──────── Material provided
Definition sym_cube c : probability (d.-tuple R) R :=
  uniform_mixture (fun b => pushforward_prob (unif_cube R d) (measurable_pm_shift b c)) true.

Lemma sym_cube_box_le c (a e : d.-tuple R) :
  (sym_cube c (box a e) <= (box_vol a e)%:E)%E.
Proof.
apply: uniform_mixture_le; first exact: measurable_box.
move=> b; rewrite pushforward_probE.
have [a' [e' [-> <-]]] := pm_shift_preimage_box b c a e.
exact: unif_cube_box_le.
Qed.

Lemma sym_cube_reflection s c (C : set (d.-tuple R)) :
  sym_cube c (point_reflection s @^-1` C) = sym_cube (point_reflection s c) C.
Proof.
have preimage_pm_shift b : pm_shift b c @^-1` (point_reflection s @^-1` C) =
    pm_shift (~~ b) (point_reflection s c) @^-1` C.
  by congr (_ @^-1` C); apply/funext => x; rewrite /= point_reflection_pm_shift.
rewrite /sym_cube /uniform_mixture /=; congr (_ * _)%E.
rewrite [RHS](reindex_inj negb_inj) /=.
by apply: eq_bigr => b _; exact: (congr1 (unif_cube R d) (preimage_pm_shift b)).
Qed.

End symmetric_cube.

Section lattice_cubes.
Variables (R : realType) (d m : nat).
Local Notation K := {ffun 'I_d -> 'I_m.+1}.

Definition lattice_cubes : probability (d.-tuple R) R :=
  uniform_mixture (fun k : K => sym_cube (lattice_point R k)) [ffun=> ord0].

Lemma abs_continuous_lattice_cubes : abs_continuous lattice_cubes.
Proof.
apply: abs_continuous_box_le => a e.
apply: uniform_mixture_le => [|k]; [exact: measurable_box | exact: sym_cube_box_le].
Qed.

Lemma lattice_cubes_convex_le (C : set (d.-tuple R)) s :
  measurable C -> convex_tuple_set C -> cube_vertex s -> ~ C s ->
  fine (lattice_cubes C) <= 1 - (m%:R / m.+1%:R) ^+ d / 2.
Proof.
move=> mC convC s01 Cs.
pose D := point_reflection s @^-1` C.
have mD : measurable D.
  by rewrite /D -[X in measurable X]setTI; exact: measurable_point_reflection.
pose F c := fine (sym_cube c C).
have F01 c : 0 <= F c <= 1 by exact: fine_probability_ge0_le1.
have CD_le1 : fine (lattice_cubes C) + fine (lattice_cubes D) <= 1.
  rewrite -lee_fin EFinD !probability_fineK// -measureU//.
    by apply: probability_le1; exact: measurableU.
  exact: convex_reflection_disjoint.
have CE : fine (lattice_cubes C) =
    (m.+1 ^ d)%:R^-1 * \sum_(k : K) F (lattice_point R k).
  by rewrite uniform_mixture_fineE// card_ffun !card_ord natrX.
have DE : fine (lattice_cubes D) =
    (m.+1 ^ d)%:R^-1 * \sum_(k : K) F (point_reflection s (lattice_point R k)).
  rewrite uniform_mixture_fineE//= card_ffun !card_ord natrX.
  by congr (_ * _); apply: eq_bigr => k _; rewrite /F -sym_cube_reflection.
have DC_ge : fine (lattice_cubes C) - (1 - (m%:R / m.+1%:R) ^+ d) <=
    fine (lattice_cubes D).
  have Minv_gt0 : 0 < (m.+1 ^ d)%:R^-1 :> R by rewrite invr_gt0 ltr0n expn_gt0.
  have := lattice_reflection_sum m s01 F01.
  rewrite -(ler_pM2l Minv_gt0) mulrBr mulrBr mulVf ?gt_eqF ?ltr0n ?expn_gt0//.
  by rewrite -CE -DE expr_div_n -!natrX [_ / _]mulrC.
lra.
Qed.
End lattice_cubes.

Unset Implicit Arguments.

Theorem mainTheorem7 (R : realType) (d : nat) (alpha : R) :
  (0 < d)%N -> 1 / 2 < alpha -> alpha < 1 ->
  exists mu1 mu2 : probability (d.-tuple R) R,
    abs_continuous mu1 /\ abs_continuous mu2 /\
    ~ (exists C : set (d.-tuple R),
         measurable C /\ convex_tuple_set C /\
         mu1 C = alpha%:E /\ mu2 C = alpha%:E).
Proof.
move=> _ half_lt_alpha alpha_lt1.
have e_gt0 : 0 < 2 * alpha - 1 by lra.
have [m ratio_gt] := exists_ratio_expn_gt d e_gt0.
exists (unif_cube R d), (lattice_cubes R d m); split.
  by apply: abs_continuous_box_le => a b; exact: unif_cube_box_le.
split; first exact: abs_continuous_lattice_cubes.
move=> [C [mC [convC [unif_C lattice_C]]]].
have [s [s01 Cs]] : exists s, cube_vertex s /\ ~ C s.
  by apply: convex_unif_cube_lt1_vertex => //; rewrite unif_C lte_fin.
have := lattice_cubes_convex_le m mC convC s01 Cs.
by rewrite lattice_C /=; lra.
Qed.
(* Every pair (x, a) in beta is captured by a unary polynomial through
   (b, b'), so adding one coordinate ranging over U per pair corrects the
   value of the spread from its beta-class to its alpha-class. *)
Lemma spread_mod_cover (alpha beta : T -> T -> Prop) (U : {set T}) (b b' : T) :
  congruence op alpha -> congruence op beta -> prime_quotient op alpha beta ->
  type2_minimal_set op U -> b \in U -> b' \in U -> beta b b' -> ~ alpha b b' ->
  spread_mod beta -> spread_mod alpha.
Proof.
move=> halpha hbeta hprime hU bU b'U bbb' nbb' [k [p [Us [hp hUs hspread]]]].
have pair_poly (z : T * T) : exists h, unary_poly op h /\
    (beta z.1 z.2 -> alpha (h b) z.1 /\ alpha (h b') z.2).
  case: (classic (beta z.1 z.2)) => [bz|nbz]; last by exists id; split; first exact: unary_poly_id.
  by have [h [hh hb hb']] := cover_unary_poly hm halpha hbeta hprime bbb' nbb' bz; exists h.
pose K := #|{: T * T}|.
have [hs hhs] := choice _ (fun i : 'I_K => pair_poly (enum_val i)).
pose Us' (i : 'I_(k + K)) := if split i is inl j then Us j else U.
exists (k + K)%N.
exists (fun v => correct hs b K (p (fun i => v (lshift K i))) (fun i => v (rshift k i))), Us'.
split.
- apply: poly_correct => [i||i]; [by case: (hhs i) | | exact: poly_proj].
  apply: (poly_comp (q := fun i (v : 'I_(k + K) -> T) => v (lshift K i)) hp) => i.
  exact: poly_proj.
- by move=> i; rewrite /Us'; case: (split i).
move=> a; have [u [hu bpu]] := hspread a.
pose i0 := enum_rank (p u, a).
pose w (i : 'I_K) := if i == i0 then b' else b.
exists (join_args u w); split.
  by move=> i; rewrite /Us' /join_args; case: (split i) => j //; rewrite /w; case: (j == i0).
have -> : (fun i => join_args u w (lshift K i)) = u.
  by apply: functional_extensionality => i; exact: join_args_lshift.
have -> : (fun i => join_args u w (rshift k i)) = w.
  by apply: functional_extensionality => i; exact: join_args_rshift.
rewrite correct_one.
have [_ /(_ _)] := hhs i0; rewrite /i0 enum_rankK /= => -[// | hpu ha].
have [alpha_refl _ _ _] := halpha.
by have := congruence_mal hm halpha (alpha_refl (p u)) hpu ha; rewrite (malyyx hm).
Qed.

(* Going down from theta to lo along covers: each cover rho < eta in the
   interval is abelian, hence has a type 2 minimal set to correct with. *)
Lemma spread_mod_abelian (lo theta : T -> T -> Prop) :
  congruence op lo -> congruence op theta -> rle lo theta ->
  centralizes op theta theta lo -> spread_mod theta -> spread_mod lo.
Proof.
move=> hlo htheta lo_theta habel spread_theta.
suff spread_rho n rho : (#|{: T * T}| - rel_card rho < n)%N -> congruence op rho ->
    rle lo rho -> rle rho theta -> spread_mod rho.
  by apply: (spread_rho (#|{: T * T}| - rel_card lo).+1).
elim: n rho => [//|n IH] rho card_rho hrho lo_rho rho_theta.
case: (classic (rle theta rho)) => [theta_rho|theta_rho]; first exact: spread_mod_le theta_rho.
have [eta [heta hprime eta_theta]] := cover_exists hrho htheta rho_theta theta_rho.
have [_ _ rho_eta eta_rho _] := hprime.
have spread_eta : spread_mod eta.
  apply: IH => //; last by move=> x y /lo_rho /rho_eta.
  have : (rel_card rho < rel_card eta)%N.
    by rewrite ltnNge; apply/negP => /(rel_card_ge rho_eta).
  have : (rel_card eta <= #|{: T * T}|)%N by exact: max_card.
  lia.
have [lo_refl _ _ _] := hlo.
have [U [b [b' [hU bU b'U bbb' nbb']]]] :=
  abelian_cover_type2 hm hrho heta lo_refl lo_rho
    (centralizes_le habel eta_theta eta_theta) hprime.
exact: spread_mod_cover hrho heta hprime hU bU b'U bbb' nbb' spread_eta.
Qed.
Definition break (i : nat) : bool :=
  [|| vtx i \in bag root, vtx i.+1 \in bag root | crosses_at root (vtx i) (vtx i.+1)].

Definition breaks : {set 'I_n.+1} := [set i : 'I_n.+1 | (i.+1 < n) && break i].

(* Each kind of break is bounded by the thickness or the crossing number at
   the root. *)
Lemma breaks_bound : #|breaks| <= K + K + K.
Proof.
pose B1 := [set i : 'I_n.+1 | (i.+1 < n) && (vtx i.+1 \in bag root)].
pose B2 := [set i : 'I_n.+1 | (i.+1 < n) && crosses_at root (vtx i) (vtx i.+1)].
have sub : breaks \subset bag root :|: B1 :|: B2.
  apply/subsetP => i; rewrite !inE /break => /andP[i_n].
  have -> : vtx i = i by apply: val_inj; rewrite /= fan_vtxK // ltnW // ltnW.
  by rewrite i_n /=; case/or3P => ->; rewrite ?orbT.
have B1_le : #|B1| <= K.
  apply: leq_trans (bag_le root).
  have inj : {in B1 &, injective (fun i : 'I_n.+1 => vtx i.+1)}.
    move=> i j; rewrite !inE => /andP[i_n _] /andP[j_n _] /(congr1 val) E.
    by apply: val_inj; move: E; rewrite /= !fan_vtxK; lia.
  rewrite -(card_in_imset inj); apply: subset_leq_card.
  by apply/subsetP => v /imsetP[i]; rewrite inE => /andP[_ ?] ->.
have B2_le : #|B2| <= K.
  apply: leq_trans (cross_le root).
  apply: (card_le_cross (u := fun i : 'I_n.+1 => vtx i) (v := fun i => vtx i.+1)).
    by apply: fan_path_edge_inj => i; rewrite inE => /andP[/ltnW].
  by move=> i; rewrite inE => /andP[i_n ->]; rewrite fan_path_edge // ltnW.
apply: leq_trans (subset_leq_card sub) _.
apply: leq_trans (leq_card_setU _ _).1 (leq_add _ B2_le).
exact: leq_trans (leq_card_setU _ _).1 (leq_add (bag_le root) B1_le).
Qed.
────────────────
What is expected
Reproduce, exactly as they stand in the data above, the lines from the one that holds "exists (unif_cube R" to the one that holds "(beta z.1 z.2 ->", inclusive.

Written solution
exists (unif_cube R d), (lattice_cubes R d m); split.
  by apply: abs_continuous_box_le => a b; exact: unif_cube_box_le.
split; first exact: abs_continuous_lattice_cubes.
move=> [C [mC [convC [unif_C lattice_C]]]].
have [s [s01 Cs]] : exists s, cube_vertex s /\ ~ C s.
  by apply: convex_unif_cube_lt1_vertex => //; rewrite unif_C lte_fin.
have := lattice_cubes_convex_le m mC convC s01 Cs.
by rewrite lattice_C /=; lra.
Qed.
(* Every pair (x, a) in beta is captured by a unary polynomial through
   (b, b'), so adding one coordinate ranging over U per pair corrects the
   value of the spread from its beta-class to its alpha-class. *)
Lemma spread_mod_cover (alpha beta : T -> T -> Prop) (U : {set T}) (b b' : T) :
  congruence op alpha -> congruence op beta -> prime_quotient op alpha beta ->
  type2_minimal_set op U -> b \in U -> b' \in U -> beta b b' -> ~ alpha b b' ->
  spread_mod beta -> spread_mod alpha.
Proof.
move=> halpha hbeta hprime hU bU b'U bbb' nbb' [k [p [Us [hp hUs hspread]]]].
have pair_poly (z : T * T) : exists h, unary_poly op h /\
    (beta z.1 z.2 -> alpha (h b) z.1 /\ alpha (h b') z.2).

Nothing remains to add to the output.